» What to produce: Your task is to quote the records from their first line through the line containing "Lemma level_near_root : near r.", with nothing added or left out.

Collected data entries
Lemma shortcut_near t x : x \in shortcut t -> near x.
Proof.
rewrite /shortcut; case: ifP => _; rewrite ?inE ?mem_filter; last by case/andP.
by case/orP => [/eqP->|/andP[]].
Qed.

Lemma mem_shortcut t x : x \in t -> near x -> x \in shortcut t.
Proof.
rewrite /shortcut; case: ifPn => [t_far|_] xt x_near; last by rewrite mem_filter x_near.
have [z z_far [_ /(_ x)]] := open_tourP t_far; rewrite xt inE => /esym/orP[/eqP xz|x_open].
  by move: (near_not_far x_near); rewrite xz z_far.
by rewrite inE mem_filter x_near x_open orbT.
Qed.

Lemma root_in_shortcut t : has far t -> r \in shortcut t.
Proof. by rewrite /shortcut => ->; apply: mem_head. Qed.

End Shortcut.

(** * Part (b): the level trees against a tree of a contraction *)

Definition pair_edges (ps : seq (V * V)) : {set {set V}} :=
  [set e | is_edge e && has (fun p => e == [set p.1; p.2]) ps].

Lemma wF_pair_edges ps : wF d (pair_edges ps) <= \sum_(p <- ps) d p.1 p.2.
Proof.
elim: ps => [|p ps IHps].
  by rewrite big_nil /wF big_pred0 // => e; rewrite inE andbF.
have sub : pair_edges (p :: ps) \subset [set p.1; p.2] |: pair_edges ps.
  apply/subsetP => e; rewrite !inE /= => /andP[-> /orP[->|->]]; rewrite ?orbT //.
apply: le_trans (wF_subset sub) _; apply: le_trans (wF_setU1 _ _) _.
by rewrite big_cons lerD ?edge_w_set2_le.
Qed.

Lemma connect_pair_edges (W U : {set V}) ps p : p \in ps -> p.1 \in W -> p.2 \in W ->
  connect (crel W U (pair_edges ps)) p.1 p.2.
Proof.
move=> pps p1W p2W; have [->|p12] := eqVneq p.1 p.2; first exact: connect0.
apply: connect1; rewrite /crel p1W p2W !inE is_edge_set2 p12 /=.
by apply/orP; left; apply/hasP; exists p.
Qed.

Definition touches_level (j : nat) (e : {set V}) : bool :=
  [exists x in e, (level x == j) || (level x == j.+1)].

Definition level_edges (j : nat) (T : {set {set V}}) : {set {set V}} :=
  [set e in T | touches_level j e].

Section LevelBound.
Variables (i j : nat) (T : {set {set V}}).
Hypothesis T_st : is_st [set: V] (V_lt d r M i) T.
Hypothesis le_ij : (i <= j)%N.

Local Notation near := (fun x => level x <= j)%N.
Local Notation far := (fun x => j.+2 <= level x)%N.

Lemma level_near_root : near r.
Proof. by rewrite /= level_root. Qed.

Lemma level_near_not_far x : near x -> ~~ far x.
Proof. by move=> x_near; rewrite -ltnNge ltnS (leq_trans x_near) ?leqnSn. Qed.

(* A far vertex lies beyond radius 2^(j+1) M, a near one within 2^j M. *)
Lemma level_root_closer w z : near w -> far z -> d w r <= d w z.
Proof.
move=> w_near z_far; have rw := dist_root_le_radius w_near.
have rz : radius j.+1 < d r z by apply: radius_lt_dist_root.
rewrite radiusS in rz; have := metric_triangle r w z.
by rewrite [d w r]metric_sym; lra.
Qed.

Section Tours.
Variable ts : seq (seq V).
Hypothesis ts_part : tour_partition ts.
Hypothesis ts_edges : forall e, e \in level_edges j T -> in_one_tour ts e.

Local Notation ps := (flatten [seq walk_edges (shortcut near far t) | t <- ts]).
Local Notation G := (crel (V_le d r M j) (V_lt d r M j) (pair_edges ps)).

Lemma shortcut_connect t x y : t \in ts ->
  x \in shortcut near far t -> y \in shortcut near far t -> connect G x y.
Proof.
move=> tts; case s_eq: (shortcut near far t) => [//|h s] xs ys.
have near_s z : z \in h :: s -> z \in V_le d r M j.
  by rewrite mem_V_le -s_eq => /(shortcut_near level_near_root).
have h_s : {in h :: s, forall z, connect G h z}.
  apply: walk_connect => p ph; have /andP[p1 p2] := mem_walk_edges ph.
  apply: connect_pair_edges (near_s _ p1) (near_s _ p2).
  by apply/flattenP; exists (walk_edges (h :: s)) => //; rewrite -s_eq; apply/mapP; exists t.
by apply: connect_trans (h_s y ys); rewrite connect_crel_sym h_s.
Qed.

Definition tour_rooted y := forall t, t \in ts -> y \in t ->
  forall x, x \in t -> near x -> connect G x r.

Lemma near_tour_rooted y : near y -> connect G y r -> tour_rooted y.
Proof.
move=> y_near yr t tts yt x xt x_near; apply: connect_trans yr.
by apply: shortcut_connect tts _ _; apply: (mem_shortcut level_near_not_far).
Qed.

Lemma far_tour_rooted t x : t \in ts -> has far t -> x \in t -> near x -> connect G x r.
Proof.
move=> tts t_far xt x_near; apply: shortcut_connect tts _ (root_in_shortcut _ t_far).
exact: (mem_shortcut level_near_not_far).
Qed.

(* Walking along T towards the root, E_j edges keep us inside one tour. *)
Lemma tour_rooted_step y z : crel [set: V] (V_lt d r M i) T y z ->
  (level y <= j.+1)%N -> ((level z <= j.+1)%N -> tour_rooted z) -> tour_rooted y.
Proof.
move=> /and3P[_ _ yz] y_le z_rooted.
have [lt_yj|le_jy] := ltnP (level y) j.
  apply: near_tour_rooted (ltnW lt_yj) (connect1 _).
  rewrite /crel !mem_V_le !mem_V_lt level_root (ltnW lt_yj) lt_yj.
  by rewrite (leq_ltn_trans _ lt_yj) ?orbT.
have {}yz : [set y; z] \in T.
  by case/orP: yz => // /andP[]; rewrite mem_V_lt ltnNge (leq_trans le_ij le_jy).
have yz_j : [set y; z] \in level_edges j T.
  rewrite inE yz; apply/existsP; exists y; rewrite set21 /= eqn_leq le_jy.
  by move: y_le; rewrite leq_eqVlt ltnS => /orP[->|->]; rewrite ?orbT.
have [t0 t0s /[dup] yz_t0 /(_ y (set21 y z)) yt0] := ts_edges yz_j.
have zt0 := yz_t0 z (set22 y z).
move=> t tts yt; rewrite -(tour_partition_eq ts_part t0s tts yt0 yt).
have [z_le|z_far] := leqP (level z) j.+1; first exact: z_rooted.
by move=> x xt0 x_near; apply: far_tour_rooted t0s _ xt0 x_near; apply/hasP; exists z.
Qed.

Lemma near_connect_root x : near x -> connect G x r.
Proof.
move=> x_near; have [t tts xt] := tour_partition_has x ts_part.
have [_ T_span _] := T_st.
have : (level x <= j.+1)%N -> tour_rooted x.
  apply: (connect_backward_ind (P := fun y => (level y <= j.+1)%N -> tour_rooted y))
    (T_span x r (in_setT x) (in_setT r)).
  - by move=> y z yz z_rooted y_le; apply: tour_rooted_step yz y_le z_rooted.
  - by move=> _; apply: near_tour_rooted (connect0 _ _); rewrite /= level_root.
by move/(_ (leqW x_near) t tts xt x xt x_near).
Qed.

Lemma shortcut_tours_span x y : x \in V_le d r M j -> y \in V_le d r M j -> connect G x y.
Proof.
rewrite !mem_V_le => x_near y_near; apply: connect_trans (near_connect_root x_near) _.
by rewrite connect_crel_sym near_connect_root.
Qed.

Lemma shortcut_tours_edges e : e \in pair_edges ps -> is_edge e && (e \subset V_le d r M j).
Proof.
rewrite inE => /andP[-> /hasP[p /flattenP[_ /mapP[t tts ->]] pt /eqP->]] /=.
have : (p.1 \in shortcut near far t) && (p.2 \in shortcut near far t).
  exact: mem_walk_edges pt.
case/andP=> /(shortcut_near level_near_root) p1 /(shortcut_near level_near_root) p2.
by apply/subsetP => x /set2P[->|->]; rewrite mem_V_le.
Qed.

End Tours.

Lemma wF_mst_le_level_edges Hj : is_mst d (V_le d r M j) (V_lt d r M j) Hj ->
  wF d Hj <= 2%:R * wF d (level_edges j T).
Proof.
move=> Hj_mst; have edges_T : all (@is_edge V) (enum (level_edges j T)).
  by apply/allP => e; rewrite mem_enum inE => /andP[eT _]; have [/(_ e eT)/andP[]] := T_st.
have [ts [ts_part ts_edges ts_len]] := exists_tour_partition edges_T.
have {}ts_edges e : e \in level_edges j T -> in_one_tour ts e.
  by rewrite -mem_enum; apply: ts_edges.
have := mst_wF_le Hj_mst (shortcut_tours_edges (ts := ts)) (shortcut_tours_span ts_part ts_edges).
move/le_trans; apply.
apply: le_trans (wF_pair_edges _) _; rewrite /wF -big_enum /=; apply: le_trans ts_len.
rewrite big_flatten big_map; apply: ler_sum => t _; exact: (shortcut_len level_root_closer).
Qed.

End LevelBound.

Lemma sum_touches_level_le e m n : is_edge e -> (\sum_(m <= j < n) touches_level j e <= 4)%N.
Proof.
case/cards2P => a [b [_ ->]].
apply: (sum_iota_pred_le_size (s := [:: level a; (level a).-1; level b; (level b).-1])) => j.
by case/existsP => x /andP[/set2P[->|->] /orP[/eqP<-|/eqP->]]; rewrite !inE /= eqxx ?orbT.
Qed.

Lemma wF_level_edges j (T : {set {set V}}) :
  wF d (level_edges j T) = \sum_(e in T) edge_w d e * (touches_level j e)%:R.
Proof.
rewrite /wF (eq_bigl (fun e => (e \in T) && touches_level j e)) => [|e]; last by rewrite inE.
by rewrite big_mkcondr; apply: eq_bigr => e _; case: touches_level; rewrite ?mulr1 ?mulr0.
Qed.

Lemma sum_wF_level_edges_le (T : {set {set V}}) m n : (forall e, e \in T -> is_edge e) ->
  \sum_(m <= j < n) wF d (level_edges j T) <= 4%:R * wF d T.
Proof.
move=> T_edges; under eq_bigr do rewrite wF_level_edges.
rewrite exchange_big /= /wF mulr_sumr; apply: ler_sum => e eT.
rewrite -mulr_sumr mulrC ler_wpM2r ?edge_w_ge0 // -natr_sum ler_nat.
exact: sum_touches_level_le (T_edges e eT).
Qed.

End LevelPrim.

Theorem theorem2 (R : archiRealFieldType) (V : finType) (d : V -> V -> R) (r : V) (M : R)
    (H : nat -> {set {set V}}) :
  is_metric d -> 0 < M ->
  (forall i, is_mst d (V_le d r M i) (V_lt d r M i) (H i)) ->
  (* (a) *)
  (is_st [set: V] set0 (Hunion H) /\
   forall (p : seq V),
     path (fun x y => [set x; y] \in Hunion H) r p -> uniq (r :: p) ->
     is_leaf (Hunion H) (last r p) ->
     levels_nondecr d r M (r :: p))
  /\
  (* (b) *)
  (forall (i : nat) (T : {set {set V}}), is_st [set: V] (V_lt d r M i) T ->
     forall n : nat, \sum_(i <= j < n) wF d (H j) <= 8%:R * wF d T).
Proof.
move=> d_metric M_gt0 H_mst; split.
  split; first exact: (Hunion_is_st (M := M) d_metric M_gt0 H_mst).
  (* Levels are non-decreasing along every simple path from r, leaf or not. *)
  by move=> p rp rp_uniq _; apply: (Hpath_levels_nondecr (M := M) d_metric M_gt0 H_mst).
move=> i T T_st n.
apply: (@le_trans _ _ (\sum_(i <= j < n) 2%:R * wF d (level_edges r d_metric M_gt0 j T))).
  apply: ler_sum_nat => j /andP[le_ij _].
  exact: (wF_mst_le_level_edges (M := M) d_metric M_gt0 T_st le_ij (H_mst j)).
have T_edges e : e \in T -> is_edge e by have [T_edges _ _] := T_st; case/T_edges/andP.
rewrite -mulr_sumr; have := sum_wF_level_edges_le r (M := M) d_metric M_gt0 i n T_edges.
lra.
Qed.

» The completed task:
Lemma shortcut_near t x : x \in shortcut t -> near x.
Proof.
rewrite /shortcut; case: ifP => _; rewrite ?inE ?mem_filter; last by case/andP.
by case/orP => [/eqP->|/andP[]].
Qed.

Lemma mem_shortcut t x : x \in t -> near x -> x \in shortcut t.
Proof.
rewrite /shortcut; case: ifPn => [t_far|_] xt x_near; last by rewrite mem_filter x_near.
have [z z_far [_ /(_ x)]] := open_tourP t_far; rewrite xt inE => /esym/orP[/eqP xz|x_open].
  by move: (near_not_far x_near); rewrite xz z_far.
by rewrite inE mem_filter x_near x_open orbT.
Qed.

Lemma root_in_shortcut t : has far t -> r \in shortcut t.
Proof. by rewrite /shortcut => ->; apply: mem_head. Qed.

End Shortcut.

(** * Part (b): the level trees against a tree of a contraction *)

Definition pair_edges (ps : seq (V * V)) : {set {set V}} :=
  [set e | is_edge e && has (fun p => e == [set p.1; p.2]) ps].

Lemma wF_pair_edges ps : wF d (pair_edges ps) <= \sum_(p <- ps) d p.1 p.2.
Proof.
elim: ps => [|p ps IHps].
  by rewrite big_nil /wF big_pred0 // => e; rewrite inE andbF.
have sub : pair_edges (p :: ps) \subset [set p.1; p.2] |: pair_edges ps.
  apply/subsetP => e; rewrite !inE /= => /andP[-> /orP[->|->]]; rewrite ?orbT //.
apply: le_trans (wF_subset sub) _; apply: le_trans (wF_setU1 _ _) _.
by rewrite big_cons lerD ?edge_w_set2_le.
Qed.

Lemma connect_pair_edges (W U : {set V}) ps p : p \in ps -> p.1 \in W -> p.2 \in W ->
  connect (crel W U (pair_edges ps)) p.1 p.2.
Proof.
move=> pps p1W p2W; have [->|p12] := eqVneq p.1 p.2; first exact: connect0.
apply: connect1; rewrite /crel p1W p2W !inE is_edge_set2 p12 /=.
by apply/orP; left; apply/hasP; exists p.
Qed.

Definition touches_level (j : nat) (e : {set V}) : bool :=
  [exists x in e, (level x == j) || (level x == j.+1)].

Definition level_edges (j : nat) (T : {set {set V}}) : {set {set V}} :=
  [set e in T | touches_level j e].

Section LevelBound.
Variables (i j : nat) (T : {set {set V}}).
Hypothesis T_st : is_st [set: V] (V_lt d r M i) T.
Hypothesis le_ij : (i <= j)%N.

Local Notation near := (fun x => level x <= j)%N.
Local Notation far := (fun x => j.+2 <= level x)%N.

Lemma level_near_root : near r.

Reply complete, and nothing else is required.